Genetic variation at transcription factor binding sites largely explains phenotypic heritability in maize

We quantified haplotype-specific TF footprints across a pan-genome of 25 maize hybrids and mapped over 200,000 variants, genetic, epigenetic, or both (termed binding quantitative trait loci (bQTL)), linked to cis-element occupancy.

Three lines of evidence support the functional significance of bQTL: (1) coincidence with causative loci that regulate traits, including vgt1, ZmTRE1 and the MITE transposon near ZmNAC111 under drought; (2) bQTL allelic bias is shared between inbred parents and matches chromatin immunoprecipitation sequencing results; and (3) partitioning genetic variation across genomic regions demonstrates that bQTL capture the majority of heritable trait variation across ~72% of 143 phenotypes. Our study provides an auspicious approach to make functional cis-variation accessible at scale for genetic studies and targeted engineering of complex traits.
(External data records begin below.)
(* Nonemptiness by compactness: if each k failed at some depth, all k would
   fail at a common depth N, yet the unfolding of depth N maps to K. *)
Lemma survivors_nonempty v : survivors v != set0.
Proof.
apply/set0Pn; apply: NNPP => none.
have fails k : exists n, ~ rooted_hom n v k.
  apply: not_all_ex_not => all_n; apply: none; exists k.
  by rewrite inE; apply/asboolP.
have [N failN] := uniform_bound (fun k m n mn fm fn => fm (rooted_hom_le mn fn)) fails.
have [phi phi_hom] := trees_to_K (unfolding_tree N v) (unfolding_hom N v).
by apply: (failN (phi (unfolding_root N v))); exists phi.
Qed.

Lemma survivors_step b v w k : oriented (darc G) b v w -> k \in survivors v ->
  exists2 k', k' \in survivors w & oriented (darc K) b k k'.
Proof.
move=> vw; rewrite inE => /asboolP k_surv; apply: NNPP => none.
have fails k' : exists n, oriented (darc K) b k k' -> ~ rooted_hom n w k'.
  have [kk'|] := boolP (oriented (darc K) b k k'); last by exists 0.
  have [n not_n] : exists n, ~ rooted_hom n w k'.
    apply: not_all_ex_not => all_n; apply: none; exists k' => //.
    by rewrite inE; apply/asboolP.
  by exists n.
have [N failN] := uniform_bound
  (fun k' m n mn fm kk' fn => fm kk' (rooted_hom_le mn fn)) fails.
have [k' [k'_N kk']] := rooted_hom_step vw (k_surv N.+1).
exact: failN kk' k'_N.
Qed.

Definition survivor_set (v : G) : power_graph K :=
  exist (fun A : {set K} => A != set0) _ (survivors_nonempty v).

Lemma survivor_set_hom v w : darc G v w -> darc _ (survivor_set v) (survivor_set w).
Proof.
move=> vw; apply/andP; split; apply/forall_inP => k k_surv; apply/exists_inP.
- by have [k' ? ?] := survivors_step (b := true) vw k_surv; exists k'.
- by have [k' ? ?] := survivors_step (b := false) vw k_surv; exists k'.
Qed.
End SurvivorSets.

Lemma hom_of_tree_homs (G K : digraph) :
  hom (power_graph K) K -> (forall T, oriented_tree T -> hom T G -> hom T K) ->
  hom G K.
Proof.
move=> PK_K trees_to_K; apply: hom_trans PK_K.
by exists (survivor_set trees_to_K); apply: survivor_set_hom.
Qed.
Over the past two decades, genome-wide association studies (GWAS) have transformed our understanding of the inheritance of many complex traits in important crops such as maize. Several studies have estimated that non-coding variation accounts for about 50% of the additive genetic variance underlying phenotypic diversity in plants. Although identification of functional non-coding variants is advancing with the development of new genomics technologies5, it remains challenging to discern functional variants that impact cis-elements efficiently and at cistrome (defined as the genome-wide set of cis-acting regulatory loci) scale. Knowing which loci to target has become one of the obstacles for trait improvement by targeted genome editing. Scalable methods to construct comprehensive cis-element maps are essential to understand complex transcriptional networks that underlie development, growth and disease. The potential of cis-element maps has been demonstrated by the ENCODE projects that exist for many eukaryotes, including humans. However, genome-wide, high-resolution maps of functional variants are currently lacking in plants8. Despite many successes, GWAS generally suffer from insufficient resolution, which limits the identification of individual causal single-nucleotide polymorphisms (SNPs) or insertions or deletions (INDELs) and cannot provide independent molecular information on the potential function of variants, requiring laborious follow-up analyses of numerous individual loci.